In the 2050s, Earth has begun to empty. Those with the means and the privilege have departed the great cities of the United States for the more comfortable confines of space colonies. Those left behind salvage what they can from the collapsing infrastructure. As they eke out an existence, their neighborhoods are being cannibalized. Brick by brick, their houses are sent to the colonies, what was once a home now a quaint reminder for the colonists of the world that they wrecked.
Goliath is not your average science fiction novel. Onyebuchi jumps through first, second, and third POV, from a traditional Western narrative structure to documentary footage to nonfiction journalism articles. Time is nonlinear here, with some stories happening in the past, others in the characters’ presents, and others in their futures. It is somehow simultaneously epic yet intimate in scope, with a large cast of characters spreading across several states and many years, most of whom are connected to each other by one man ... Goliath reminds me of Angela Mi Young Hur’s devastatingly good 2021 speculative novel Folklorn. Content-wise, the books couldn’t be more different, but in terms of the way they made me feel, both while reading and afterward, they are very much alike. The two books are dense in plot and background and play with time, space, and knowledge in frighteningly clever ways. They’re emotionally heavy and intellectually layered to the point where multiple reads are required for full understanding. Neither are easy weekend reads by any means, and you’ll probably feel more like you just ran a marathon when you turn that last page rather than feel peaceful satisfaction ... Whatever Goliath is, however you interpret and experience it, it’s clear that Tochi Onyebuchi is one hell of a writer. This is a visceral and bracing text, as layered as an archaeological dig.
It’s an ingenious premise: Onyebuchi suburbanizes outer space and makes battered, almost uninhabitable provincial America the frontier ... In its scale and ambition, Goliath has the feel of a Tom Wolfe novel, but there isn’t really any central action or plot that forces the different characters, up and down the class ladder, into contact and conflict with one another. The story jumps between points of view and moves backward and forward in time ... How all this hangs together matters less in the end than the picture of a broken America these stories present ... Characters with different back stories wander onstage and reveal themselves. This puts a lot of pressure on each scene to deliver meaningful revelations ... In a strange way, though, the stakes remain low, if only because there’s so little hope that their lives will ever get better ... Inevitably, tensions between the two communities reach a climax, and the result is a tragedy you don’t need to be a science-fiction writer to imagine. But the speculative machinery offers a nuance here, too.

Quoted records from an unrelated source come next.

(* Let $0<\mu<1/4$ and $\kappa\in\mathbb{R}$. Let $f(x)=(1+\mu\cos x)^{-2}$, $g(y)=y^2(1-y^2)$, and let $K$ be the Gaussian curvature of the metric $(f(x)+g(y))(dx^2+dy^2)$ on $\mathbb{R}\times[-1,1]$. Let $\gamma(s)=\tfrac12\operatorname{sech}s$, and consider the curve $y(x)=\gamma(\kappa+x+\mu\sin x)$. Define $$I(x):=K_x(x,y(x))\,g(y(x))-K_y(x,y(x))\,f(x)\,y'(x)$$ and, for $L>0$, $$B_L(\kappa):=\int_{-\infty}^{-L}I(x)\,dx+\int_{L}^{\infty}I(x)\,dx .$$ Then $$|B_L(\kappa)|\le 1200\,(1+2e^{2|\kappa|})\,\gamma(L)^2 .$$
   Context: $K_x,K_y$ are the partial derivatives of $K$ in $x$ and $y$. The curve $y=\gamma(\kappa+x+\mu\sin x)$ is a geodesic of this metric lying on the homoclinic connection of the closed geodesic $\{y=0\}$. *)

From Stdlib Require Import Reals.
From Coquelicot Require Import Coquelicot.
Open Scope R_scope.

Definition fcoef (mu x : R) : R := / (1 + mu * cos x) ^ 2.
Definition gcoef (y : R) : R := y ^ 2 * (1 - y ^ 2).

(* conformal factor lambda = f + g of the metric lambda (dx^2 + dy^2) *)
Definition lam (mu x y : R) : R := fcoef mu x + gcoef y.

(* Gaussian curvature of lambda (dx^2+dy^2):
   K = - (1 / (2 lambda)) * Laplacian (ln lambda) *)
Definition Kcurv (mu x y : R) : R :=
  - / (2 * lam mu x y) *
    (Derive (fun t => Derive (fun s => ln (lam mu s y)) t) x
     + Derive (fun t => Derive (fun s => ln (lam mu x s)) t) y).

Definition Kx (mu x y : R) : R := Derive (fun t => Kcurv mu t y) x.
Definition Ky (mu x y : R) : R := Derive (fun t => Kcurv mu x t) y.

Definition sech (s : R) : R := 2 / (exp s + exp (- s)).
Definition gam (s : R) : R := / 2 * sech s.

Definition ycurve (mu kappa x : R) : R := gam (kappa + x + mu * sin x).

Definition Iint (mu kappa x : R) : R :=
  Kx mu x (ycurve mu kappa x) * gcoef (ycurve mu kappa x)
  - Ky mu x (ycurve mu kappa x) * fcoef mu x * Derive (ycurve mu kappa) x.

(* The integrand is estimated pointwise, with no cancellation.  Along the strip the
   curvature and its partial derivatives are explicit rational expressions in sin x,
   cos x and y; for 0 < y <= 1/2 they give |K_x| <= 66 and |K_y| <= 122 y, and with
   |g(y)| <= y^2, f <= 16/9 and |y'| <= (5/4) y this yields |I(x)| <= 340 y(x)^2.
   Since gamma(s) <= e^(-|s|) and the phase kappa + x + mu sin x differs from x by at
   most |kappa| + 1/4, |I(x)| <= 595 e^(2|kappa|) e^(-2|x|).  Each tail integral then
   converges and is at most (595/2) e^(2|kappa|) e^(-2L), and e^(-L) <= 2 gamma(L). *)

From Stdlib Require Import Reals Lra.
From Coquelicot Require Import Coquelicot.
Open Scope R_scope.

Lemma is_RInt_gen_p_infty_of_tail_bound (f h : R -> R) (L : R) :
  (forall x, continuous f x) -> is_lim h p_infty 0 ->
  (forall a b, L <= a <= b -> Rabs (RInt f a b) <= h a) ->
  exists l, is_RInt_gen f (at_point L) (Rbar_locally p_infty) l /\ Rabs l <= h L.
Proof.
  intros Hf Hh Htail.
  assert (Hex : forall a b, ex_RInt f a b).
  { intros a b; apply (ex_RInt_continuous (V := R_CompleteNormedModule)); auto. }
  set (F := fun b => RInt f L b).
  assert (Hdiff : forall u v, L <= u -> L <= v -> Rabs (F v - F u) <= h (Rmin u v)).
  { intros u v Hu Hv.
    assert (Hd : F v - F u = RInt f u v).
    { unfold F; rewrite <- (RInt_Chasles f L u v) by auto; unfold plus; simpl; ring. }
    rewrite Hd.
    destruct (Rle_dec u v) as [Huv | Huv].
    - rewrite Rmin_left by lra; apply Htail; lra.
    - rewrite Rmin_right, <- opp_RInt_swap by (auto; lra).
      unfold opp; simpl; rewrite Rabs_Ropp; apply Htail; lra. }
  assert (Hcv : exists l, filterlim F (Rbar_locally p_infty) (locally l)).
  { apply (filterlim_locally_cauchy (F := Rbar_locally p_infty)); intros eps.
    destruct (Hh (ball 0 eps) (locally_ball 0 eps)) as [N HN].
    exists (fun b => Rmax L N < b); split; [now exists (Rmax L N) |].
    intros u v Hu Hv.
    assert (HL := Rmax_l L N); assert (HN' := Rmax_r L N).
    assert (Hsmall : Rabs (h (Rmin u v) - 0) < eps).
    { apply HN; apply Rmin_case; lra. }
    change (Rabs (F v - F u) < eps).
    eapply Rle_lt_trans; [apply Hdiff; lra |].
    rewrite Rminus_0_r in Hsmall; eapply Rle_lt_trans; [apply Rle_abs | exact Hsmall]. }
  destruct Hcv as [l Hl]; exists l; split.
  - intros P HP.
    apply (Filter_prod _ _ _ (fun a => a = L) (fun b => P (F b))); [easy | now apply Hl |].
    intros a b Ha Hb; simpl; subst a; exists (F b); split; [| exact Hb].
    apply (RInt_correct (V := R_CompleteNormedModule)), Hex.
  - assert (Hbound : Rbar_locally p_infty (fun b => -h L <= F b /\ F b <= h L)).
    { exists L; intros b Hb; apply Rabs_le_between, Htail; lra. }
    apply Rabs_le, (closed_filterlim_loc F (fun y : R => -h L <= y <= h L) l Hl Hbound).
    apply closed_and; [apply closed_ge | apply closed_le].
Qed.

With deep emotional resonance, a strong biblical theme and tautly written speculative mechanics, Goliath is a real powerhouse of a novel. However, I’d be remiss not to mention its celebration of Blackness: the high-stakes tension of a game of spades, the pure poetry of the lyrics of Pusha T and Kendrick Lamar, the abundant energy of an 'Atlanta-ass' story. Too often these elements are cast off as 'urban' fiction or, if they find their way into (predominantly white) literary fiction at all, praised for 'elevating' the culture (as if it arises from a place so low as to require elevation). But Onyebuchi, with his generous, intellectually layered prose, celebrates all of these details and more, making them near-heroic qualities, signifiers of resistance in a world hell-bent on stomping out culture. Visceral, urgent and terrifyingly clever, Goliath is a prophecy in and of itself. Onyebuchi will change the way you think about systemic oppression and the need for resistance. Whether it is with this novel or his next brilliant work, he is sure to leave a lasting mark on the literary world.